Available data |
(* Let $n\ge 2$ and let $m,p,k$ be integers with $1\le m\le p\le k\le n$ and $p\le n-1$. Then the number of $\alpha\in\mathcal{OCT}_n$ with $h(\alpha)=p$, $f(\alpha)=m$ and $w^+(\alpha)=k$ is $$F(n;p,m,k)=\binom{n-m-1}{n-p-1}.$$
   Context: $X_n=\{1,2,\dots,n\}$ with its usual order; maps are written on the right ($x\alpha$). A map $\alpha:X_n\to X_n$ is order-preserving if $x\le y$ implies $x\alpha\le y\alpha$, and a contraction if $|x\alpha-y\alpha|\le|x-y|$ for all $x,y$. $\mathcal{OCT}_n$ is the set of all order-preserving contractions $X_n\to X_n$ (defined on all of $X_n$). For such $\alpha$: height $h(\alpha)=|\mathrm{Im}\,\alpha|$; right waist $w^+(\alpha)=\max(\mathrm{Im}\,\alpha)$; fix $f(\alpha)=|F(\alpha)|$ where $F(\alpha)=\{x\in X_n:x\alpha=x\}$. *)

(* X_n = {1,..,n} is modelled by 'I_n, the element i : 'I_n
   standing for i+1. Shifting by 1 preserves order, distances and fixed points;
   the right waist is max(Im) read back in X_n, i.e. (max of values) + 1. *)
From mathcomp Require Import all_boot all_order.
Set Implicit Arguments. Unset Strict Implicit. Unset Printing Implicit Defensive.

Definition ndist (x y : nat) : nat := (x - y) + (y - x).

Definition order_preserving n (a : {ffun 'I_n -> 'I_n}) : bool :=
  [forall x : 'I_n, forall y : 'I_n, (x <= y) ==> (a x <= a y)].

Definition contraction n (a : {ffun 'I_n -> 'I_n}) : bool :=
  [forall x : 'I_n, forall y : 'I_n, ndist (a x) (a y) <= ndist x y].

Definition inOCT n (a : {ffun 'I_n -> 'I_n}) : bool :=
  order_preserving a && contraction a.

Definition height n (a : {ffun 'I_n -> 'I_n}) : nat := #|[set a x | x : 'I_n]|.

Definition rwaist n (a : {ffun 'I_n -> 'I_n}) : nat := \max_(x : 'I_n) (a x).+1.

Definition fixn n (a : {ffun 'I_n -> 'I_n}) : nat := #|[set x : 'I_n | a x == x]|.

From mathcomp Require Import all_boot all_order.
From mathcomp Require Import zify.
Set Implicit Arguments. Unset Strict Implicit. Unset Printing Implicit Defensive.

(* Shift X_n to {0, ..., n-1}.  A map a is an order-preserving contraction
   iff consecutive values differ by 0 or 1, i.e. iff it is a unit-step path.
   For such a, with a 0 = c, the stay path P x = c + x - a x counts the steps
   i < x with a i = a i.+1; it is again a unit-step path, P 0 = 0, and
     h(a) = a (n-1) + 1 - c,   w+(a) = a (n-1) + 1,   F(a) = {x | P x = c}.
   So h = p and w+ = k force c = k - p and P (n-1) = n - p, and f = m says
   that P stays exactly m points at level c.  As a unit-step path visits
   each level along an interval, cutting out this plateau (and lowering the
   rest by one) gives an arbitrary unit-step path on n - m points from 0 to
   n - p - 1; the plateau is put back at the first time the path reaches c.
   Finally such a path is the same as its set of increment positions, an
   (n-p-1)-subset of an (n-m-1)-set, and the count is binomial. *)

Definition unit_steps (L : nat) (f : nat -> nat) : Prop :=
  forall i, i.+1 < L -> f i.+1 = f i \/ f i.+1 = (f i).+1.
Lemma Re_tr_Theta_ln_Theta : complex.Re (\tr (Th *m mln Th)) =
  (- betaS * \sum_i q i * Ef i - ln Zl) + (- betaB * \sum_l qB l * hB l - ln ZB).
Proof.
have dTh := Theta_diagonalized.
rewrite (Re_tr_mul_diagonalized (diagonalizes_mfun _ dTh)).
under eq_bigr do rewrite (diagonal_entry dTh) mulrC.
have q0 i : 0 < q i by exact: gweight_gt0.
have qB0 l : 0 < qB l by exact: gweight_gt0.
by rewrite sum_tens_xlnx ?sum_gweight // !sum_gweight_ln.
Qed.

Lemma QtilE : Q = \sum_l qB l * hB l - complex.Re (\tr (Th *m tens 1%:M HB)).
Proof.
rewrite /Qtil (Re_tr_mul_diagonalized (gibbs_diagonalized betaB dB) HB).
rewrite (mxtrace_mulC (tens 1%:M HB)); congr (_ - _); apply: eq_bigr => l _.
by rewrite (diagonal_entry dB).
Qed.

Lemma relent_Theta : relent Th (tens tS tB) = ln ZS - ln Zl - betaB * Q.
Proof.
apply: etrans (congr2 (fun x y => x - y) Re_tr_Theta_ln_Theta
  (Re_tr_mul_ln_gibbs_tens betaS betaB dS dB Re_tr_Theta)) _.
by rewrite QtilE Re_tr_Theta_HS; ring.
Qed.

Lemma avgP_expR_work :
  avgP HS0 betaS e (fun i => expR (- betaS * Wtil HSt HB U betaS betaB V e i))
  = Zl * expR (betaS * Q) / \sum_i expR (- betaS * e i).
Proof.
rewrite /avgP (partZ_diagonalized _ HS0_diagonalized) -mulrA mulr_suml.
apply: eq_bigr => i _; rewrite mulrAC -expRD [RHS]mulrA -expRD /Wtil /DeltaE.
by congr (expR _ / _); ring.
Qed.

Exercise objective |
In the listing above, locate each line with "level" and copy it.

Answer |
   that P stays exactly m points at level c.  As a unit-step path visits
   each level along an interval, cutting out this plateau (and lowering the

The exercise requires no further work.